**How to complete this task**. Only the lines below between the ones containing "exact/asboolP/graph_ext_sub." and "exists f; split.", inclusive, are to be reproduced, each exactly as it stands.

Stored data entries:
Lemma dominated_graph_bigcup (F : set (set (V * R))) : F !=set0 ->
  total_on F subset -> (forall G, F G -> dominated_graph G) ->
  dominated_graph (\bigcup_(G in F) G).
Proof.
move=> [G0 FG0] Ftot Fdom.
have both u v : (\bigcup_(G in F) G) u -> (\bigcup_(G in F) G) v ->
    exists2 G, F G & G u /\ G v.
  move=> [G1 F1 G1u] [G2 F2 G2v].
  by have [G12|G21] := Ftot _ _ F1 F2; [exists G2 | exists G1] => //; split => //; auto.
split.
- by exists G0 => //; have [] := Fdom _ FG0.
- move=> a u v Uu Uv; have [G FG [Gu Gv]] := both _ _ Uu Uv.
  by exists G => //; have [_ Glin _ _] := Fdom _ FG; exact: Glin.
- move=> u v Uu Uv; have [G FG [Gu Gv]] := both _ _ Uu Uv.
  by have [_ _ Gfun _] := Fdom _ FG; exact: Gfun.
- by move=> u [G FG Gu]; have [_ _ _ Gp] := Fdom _ FG; exact: Gp.
Qed.

Lemma dominated_graph_maximal G0 : dominated_graph G0 ->
  exists M, [/\ dominated_graph M, G0 `<=` M & forall x, exists y, M (x, y)].
Proof.
move=> G0_dom.
pose T := {G : set (V * R) | dominated_graph G /\ G0 `<=` G}.
pose le (G H : T) := `[< sval G `<=` sval H >].
pose bot : T := exist _ G0 (conj G0_dom (@subset_refl _ G0)).
have [[M [M_dom G0M]] Mmax] : exists M, premaximal le M.
  apply: (ZL_preorder bot).
  - by move=> G; apply/asboolP.
  - by move=> G H K /asboolP GH /asboolP HK; apply/asboolP; exact: subset_trans HK.
  move=> A Atot; have [[H AH]|A0] := pselect (A !=set0); last first.
    by exists bot => G AG; case: A0; exists G.
  pose F := [set sval G | G in A].
  have F_dom : dominated_graph (\bigcup_(G in F) G).
    apply: dominated_graph_bigcup; first by exists (sval H), H.
      move=> _ _ [G AG <-] [K AK <-].
      by have [/asboolP|/asboolP] := Atot _ _ AG AK; [left|right].
    by move=> _ [G AG <-]; case: (svalP G).
  have G0F : G0 `<=` \bigcup_(G in F) G.
    by move=> u G0u; exists (sval H); [exists H | case: (svalP H) => _; apply].
  exists (exist _ (\bigcup_(G in F) G) (conj F_dom G0F)) => G AG; apply/asboolP => u Gu.
  by exists (sval G) => //; exists G.
exists M; split => // x; apply: contrapT => Mx.
have [c Mc_dom] := graph_ext_exists M_dom Mx.
have G0Mc := subset_trans G0M (@graph_ext_sub M x c).
have /Mmax /asboolP MxM : le (exist _ M (conj M_dom G0M)) (exist _ _ (conj Mc_dom G0Mc)).
  exact/asboolP/graph_ext_sub.
by apply: Mx; exists c; apply: MxM; exact: graph_ext_point.
Qed.

Theorem hahn_banach G0 : dominated_graph G0 ->
  exists f, [/\ linear_form f, forall x, f x <= p x & forall u, G0 u -> f u.1 = u.2].
Proof.
move=> /dominated_graph_maximal[M [[_ Mlin Mfun Mp] G0M Mtot]].
have [f Mf] := choice Mtot.
exists f; split.
- move=> a x y; apply: (Mfun (_, _) (_, _) (Mf _)) => //.
  exact: (Mlin _ (_, _) (_, _) (Mf x) (Mf y)).
- by move=> x; exact: (Mp (_, _) (Mf x)).
- by move=> u G0u; exact: (Mfun (_, _) _ (Mf u.1) (G0M _ G0u)).
Qed.

Lemma dominated_graph_line z : (forall x, 0 <= p x) -> 1 <= p z ->
  dominated_graph [set (t *: z, t) | t in [set: R]].
Proof.
move=> p_ge0 pz.
have z0 : z != 0.
  apply: contraTneq pz => ->; have := pZ 0 (ltr0Sn _ 1); rewrite scaler0; lra.
split.
- by exists 0; rewrite ?scale0r.
- move=> a _ _ [t1 _ <-] [t2 _ <-]; exists (a * t1 + t2) => //=.
  by rewrite scalerDl scalerA.
- move=> _ _ [t1 _ <-] [t2 _ <-] /= /eqP.
  by rewrite -subr_eq0 -scalerBl scaler_eq0 (negbTE z0) orbF subr_eq0 => /eqP.
- move=> _ [t _ <-] /=; have [t_le0|t_gt0] := lerP t 0; first exact: le_trans (p_ge0 _).
  by rewrite pZ // ler_peMr // ltW.
Qed.

End HahnBanach.

Section DualSphere.
Variables (R : realType) (V : normedModType R).
Implicit Types (f : V -> R) (x y : V).

Lemma dual_sphere_linear f : dual_sphere f -> linear_form f.
Proof. by case=> -[]. Qed.

Lemma dual_sphere_le_norm f y : dual_sphere f -> `|f y| <= `|y|.
Proof.
move=> [[f_lin _] f_norm].
have [->|y0] := eqVneq y 0; first by rewrite (linear_form0 f_lin) normr0.
have ny : 0 < `|y| by rewrite normr_gt0.
have : ((`|f (`|y|^-1 *: y)|)%:E <= 1)%E.
  rewrite -f_norm; apply: ereal_sup_ubound; exists (`|y|^-1 *: y) => //=.
  by rewrite normrZ normfV normr_id mulVf // gt_eqF.
by rewrite lee_fin (linear_formZ f_lin) normrM normfV normr_id ler_pdivrMl // mulr1.
Qed.

Lemma dual_sphere_dist f x y : dual_sphere f -> `|f x - f y| <= `|x - y|.
Proof.
by move=> f_sph; rewrite -(linear_formB (dual_sphere_linear f_sph)) dual_sphere_le_norm.
Qed.

Lemma linear_form_continuous f M : linear_form f -> 0 < M ->
  (forall y, `|f y| <= M * `|y|) -> continuous f.
Proof.
move=> f_lin M_gt0 fM x; apply/cvgrPdist_lt => e e_gt0.
apply/nbhs_ballP; exists (e / M); first exact: divr_gt0.
move=> y; rewrite -ball_normE /= -(linear_formB f_lin) => xy.
by apply: le_lt_trans (fM _) _; rewrite -ltr_pdivlMl // mulrC.
Qed.

Lemma dual_sphere_normalize f M z : linear_form f -> 0 < M ->
  (forall y, `|f y| <= M * `|y|) -> f z != 0 ->
  exists2 s : R, 0 < s & dual_sphere (fun v => f v / s).
Proof.
move=> f_lin M_gt0 fM fz.
pose E := [set `|f v| | v in [set v : V | `|v| <= 1]].
have E0 : E !=set0 by exists `|f 0|, 0 => //=; rewrite normr0.
have Eub : has_ubound E.
  exists M => _ [v v1 <-]; apply: le_trans (fM v) _.
  by rewrite ger_pMr.
have z0 : 0 < `|z|.
  by rewrite normr_gt0; apply: contraNneq fz => ->; rewrite (linear_form0 f_lin).
have s_gt0 : 0 < sup E.
  apply: lt_le_trans (ub_le_sup Eub _); last first.
    exists (`|z|^-1 *: z) => //=.
    by rewrite normrZ normfV normr_id mulVf // gt_eqF.
  by rewrite (linear_formZ f_lin) normrM normfV normr_id mulr_gt0 ?invr_gt0 // normr_gt0.
have fs_lin : linear_form (fun v => f v / sup E).
  by move=> a x y; rewrite f_lin mulrDl mulrA.
exists (sup E) => //; split; first split => //.
- apply: (linear_form_continuous fs_lin (divr_gt0 M_gt0 s_gt0)) => y.
  by rewrite normrM normfV (gtr0_norm s_gt0) mulrAC ler_pM2r ?invr_gt0.
- rewrite /dual_norm.
  have -> : [set (`|f v / sup E|)%:E | v in [set v : V | `|v| <= 1]] =
      [set ((sup E)^-1%:E * x)%E | x in [set r%:E | r in E]].
    rewrite !image_comp; apply: eq_imagel => v _ /=.
    by rewrite normrM normfV (gtr0_norm s_gt0) mulrC.
  by rewrite ereal_sup_pZl ?invr_gt0 // ereal_sup_EFin // -EFinM mulVf ?gt_eqF.
Qed.

End DualSphere.

Section Separation.
Variables (R : realType) (V : normedModType R).
Implicit Types (x y : V) (C : set V).

Lemma convex_eps_nbhd C (e : R) : convex_subset C -> convex_subset (eps_nbhd C e).
Proof.
move=> C_cvx x y t [a Ca xa] [b Cb yb] t0 t1.
exists (t *: a + (1 - t) *: b); first exact: C_cvx.
rewrite opprD addrACA -!scalerBr; apply: le_lt_trans (ler_normD _ _) _.
rewrite !normrZ (ger0_norm t0) ger0_norm ?subr_ge0 //.
have eA : 0 < e - `|x - a| by rewrite subr_gt0.
have eB : 0 < e - `|y - b| by rewrite subr_gt0.
have t1' : 0 <= 1 - t by rewrite subr_ge0.
have [->|t_neq0] := eqVneq t 0; first by rewrite mul0r subr0 !mul1r add0r.
have t_gt0 : 0 < t by rewrite lt_neqAle eq_sym t_neq0.
have := mulr_gt0 t_gt0 eA; have := mulr_ge0 t1' (ltW eB); lra.
Qed.

Lemma closed_dist_gt0 C x : closed C -> ~ C x ->
  exists2 d : R, 0 < d & forall c, C c -> d <= `|x - c|.
Proof.
move=> C_closed Cx; apply: contrapT => nd; apply/Cx/C_closed => N /nbhs_ballP[r r_gt0 xrN].
apply: contrapT => CN; apply: nd; exists r => // c Cc; rewrite leNgt; apply/negP => xc.
by apply: CN; exists c; split => //; apply: xrN; rewrite -ball_normE.
Qed.

Section Gauge.
Variables (K : set V) (d : R).
Hypotheses (d_gt0 : 0 < d) (K_convex : convex_subset K).
Hypothesis K_ball : forall y, `|y| < d -> K y.

Definition gauge y : R := inf [set t : R | 0 < t /\ K (t^-1 *: y)].

Lemma gauge_le y t : 0 < t -> K (t^-1 *: y) -> gauge y <= t.
Proof. by move=> t_gt0 Kt; apply: ge_inf => //; exists 0 => s [/ltW]. Qed.

Lemma gauge_ball y t : 0 < t -> `|y| < d * t -> K (t^-1 *: y).
Proof.
move=> t_gt0 yt; apply: K_ball.
by rewrite normrZ normfV (gtr0_norm t_gt0) mulrC ltr_pdivrMr.
Qed.

Lemma gauge_set_neq0 y : [set t : R | 0 < t /\ K (t^-1 *: y)] !=set0.
Proof.
have t_gt0 : 0 < `|y| / d + 1 by rewrite ltr_wpDl ?divr_ge0 // ltW.
exists (`|y| / d + 1); split => //; apply: gauge_ball => //.
by rewrite mulrDr mulr1 mulrCA mulfV ?gt_eqF // mulr1 ltrDl.
Qed.

Lemma gauge_ge0 y : 0 <= gauge y.
Proof. by apply: lb_le_inf (gauge_set_neq0 y) _ => t [/ltW]. Qed.

Lemma gauge_le_norm y : gauge y <= `|y| / d.
Proof.
apply/ler_addgt0Pr => e e_gt0.
have t_gt0 : 0 < `|y| / d + e by rewrite ltr_wpDl ?divr_ge0 // ltW.
apply: gauge_le => //; apply: gauge_ball => //.
by rewrite mulrDr mulrCA mulfV ?gt_eqF // mulr1 ltrDl mulr_gt0.
Qed.

Lemma gaugeZ t y : 0 < t -> gauge (t *: y) = t * gauge y.
Proof.
suff gaugeZ_le s z : 0 < s -> gauge (s *: z) <= s * gauge z.
  move=> t_gt0; apply/le_anti; rewrite gaugeZ_le //=.
  have := gaugeZ_le t^-1 (t *: y); rewrite invr_gt0 scalerK ?lt0r_neq0 // => /(_ t_gt0).
  by rewrite -ler_pdivlMl // mulrC.
move=> s_gt0; rewrite -ler_pdivrMl //; apply: lb_le_inf (gauge_set_neq0 z) _ => r [r_gt0 Kr].
rewrite ler_pdivrMl //; apply: gauge_le; first exact: mulr_gt0.
by rewrite scalerA invfM mulrAC mulVf ?gt_eqF // mul1r.
Qed.

Lemma gaugeD y z : gauge (y + z) <= gauge y + gauge z.
Proof.
(* Rescaling [y / s] and [z / t] in [K] by [s / (s + t)] and [t / (s + t)] gives
   [(y + z) / (s + t)] in [K]. *)
have sum_le s t : 0 < s -> K (s^-1 *: y) -> 0 < t -> K (t^-1 *: z) ->
    gauge (y + z) <= s + t.
  move=> s_gt0 Ks t_gt0 Kt; have st_gt0 : 0 < s + t by rewrite addr_gt0.
  apply: gauge_le => //.
  have -> : (s + t)^-1 *: (y + z) =
      (s / (s + t)) *: (s^-1 *: y) + (1 - s / (s + t)) *: (t^-1 *: z).
    have -> : 1 - s / (s + t) = t / (s + t) by field; rewrite gt_eqF.
    rewrite scalerDr !scalerA; congr (_ *: _ + _ *: _).
      by rewrite mulrAC mulfV ?gt_eqF // mul1r.
    by rewrite mulrAC mulfV ?gt_eqF // mul1r.
  apply: K_convex => //; first by rewrite divr_ge0 // ltW.
  by rewrite ler_pdivrMr // mul1r lerDl ltW.
have : gauge (y + z) - gauge y <= gauge z.
  apply: lb_le_inf (gauge_set_neq0 z) _ => t [t_gt0 Kt].
  suff : gauge (y + z) - t <= gauge y by lra.
  apply: lb_le_inf (gauge_set_neq0 y) _ => s [s_gt0 Ks].
  by rewrite lerBlDr sum_le.
lra.
Qed.

Lemma gauge_ge1 y : ~ K y -> 1 <= gauge y.
Proof.
move=> Ky; apply: lb_le_inf (gauge_set_neq0 y) _ => t [t_gt0 Kt].
rewrite leNgt; apply/negP => t_lt1; apply: Ky.
have -> : y = t *: (t^-1 *: y) + (1 - t) *: 0.
  by rewrite scaler0 addr0 scalerA mulfV ?gt_eqF // scale1r.
by apply: K_convex => //; [apply: K_ball; rewrite normr0 | exact: ltW | exact: ltW].
Qed.

End Gauge.

Lemma separation_linear C x : C !=set0 -> closed C -> convex_subset C -> ~ C x ->
  exists f, [/\ linear_form f,
    exists2 M : R, 0 < M & forall y, `|f y| <= M * `|y| &
    exists2 eta : R, 0 < eta & forall c, C c -> f c + eta <= f x].
Proof.
move=> [c0 Cc0] C_closed C_cvx Cx.
have [d d_gt0 dC] := closed_dist_gt0 C_closed Cx.
pose K y := eps_nbhd C d (y + c0).
have K_cvx : convex_subset K.
  move=> y1 y2 t K1 K2 t0 t1; rewrite /K.
  have -> : t *: y1 + (1 - t) *: y2 + c0 = t *: (y1 + c0) + (1 - t) *: (y2 + c0).
    by rewrite !scalerDr addrACA -scalerDl subrKC scale1r.
  exact: convex_eps_nbhd.
have K_ball y : `|y| < d -> K y by move=> yd; exists c0; rewrite // addrK.
pose z := x - c0.
have Kz : ~ K z by move=> [c Cc]; rewrite /z subrK ltNge dC.
have gZ := gaugeZ d_gt0 K_ball.
have gz := gauge_ge1 d_gt0 K_cvx K_ball Kz.
have [f [f_lin f_le f_line]] := hahn_banach (gaugeD d_gt0 K_cvx K_ball) gZ
  (dominated_graph_line gZ (gauge_ge0 d_gt0 K_ball) gz).
have fz : f z = 1 by apply: (f_line (z, 1)); exists 1; rewrite ?scale1r.
exists f; split => //.
  exists d^-1; first by rewrite invr_gt0.
  move=> y; have := f_le y; have := f_le (- y); rewrite (linear_formN f_lin).
  have := gauge_le_norm d_gt0 K_ball y; have := gauge_le_norm d_gt0 K_ball (- y).
  by rewrite normrN ler_norml mulrC; lra.
have z_gt0 : 0 < `|z|.
  by rewrite normr_gt0; apply: contra_notN Kz => /eqP ->; apply: K_ball; rewrite normr0.
pose lam := d / (2 * `|z|).
exists lam => [|c Cc]; first by rewrite divr_gt0 ?mulr_gt0.
have K_c : K (c - c0 + lam *: z).
  exists c => //; rewrite [c - c0 + _ + c0]addrAC subrK [c + _]addrC addrK.
  have -> : `|lam *: z| = d / 2.
    by rewrite normrZ gtr0_norm ?divr_gt0 ?mulr_gt0 // /lam; field; rewrite gt_eqF.
  lra.
have gK : gauge K (c - c0 + lam *: z) <= 1 by apply: gauge_le ltr01 _; rewrite invr1 scale1r.
have := le_trans (f_le _) gK.
rewrite (linear_formD f_lin) (linear_formZ f_lin) fz mulr1 (linear_formB f_lin).
by move: fz; rewrite (linear_formB f_lin); lra.
Qed.

Lemma separation C x : C !=set0 -> closed C -> convex_subset C -> ~ C x ->
  exists2 f, dual_sphere f &
    exists2 eta : R, 0 < eta & forall c, C c -> f c + eta <= f x.
Proof.
move=> [c0 Cc0] C_closed C_cvx Cx.
have [f [f_lin [M M_gt0 fM] [eta eta_gt0 f_sep]]] :=
  separation_linear (ex_intro _ c0 Cc0) C_closed C_cvx Cx.
have c0x : f c0 < f x by apply: lt_le_trans (f_sep _ Cc0); rewrite ltrDl.
have fxc0 : f (x - c0) != 0 by rewrite (linear_formB f_lin) subr_eq0 gt_eqF.
have [s s_gt0 fs] := dual_sphere_normalize f_lin M_gt0 fM fxc0.
exists (fun v => f v / s) => //; exists (eta / s); first exact: divr_gt0.
by move=> c Cc; rewrite -mulrDl ler_pM2r ?invr_gt0 ?f_sep.
Qed.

**Result of this exercise**.
  exact/asboolP/graph_ext_sub.
by apply: Mx; exists c; apply: MxM; exact: graph_ext_point.
Qed.

Theorem hahn_banach G0 : dominated_graph G0 ->
  exists f, [/\ linear_form f, forall x, f x <= p x & forall u, G0 u -> f u.1 = u.2].
Proof.
move=> /dominated_graph_maximal[M [[_ Mlin Mfun Mp] G0M Mtot]].
have [f Mf] := choice Mtot.
exists f; split.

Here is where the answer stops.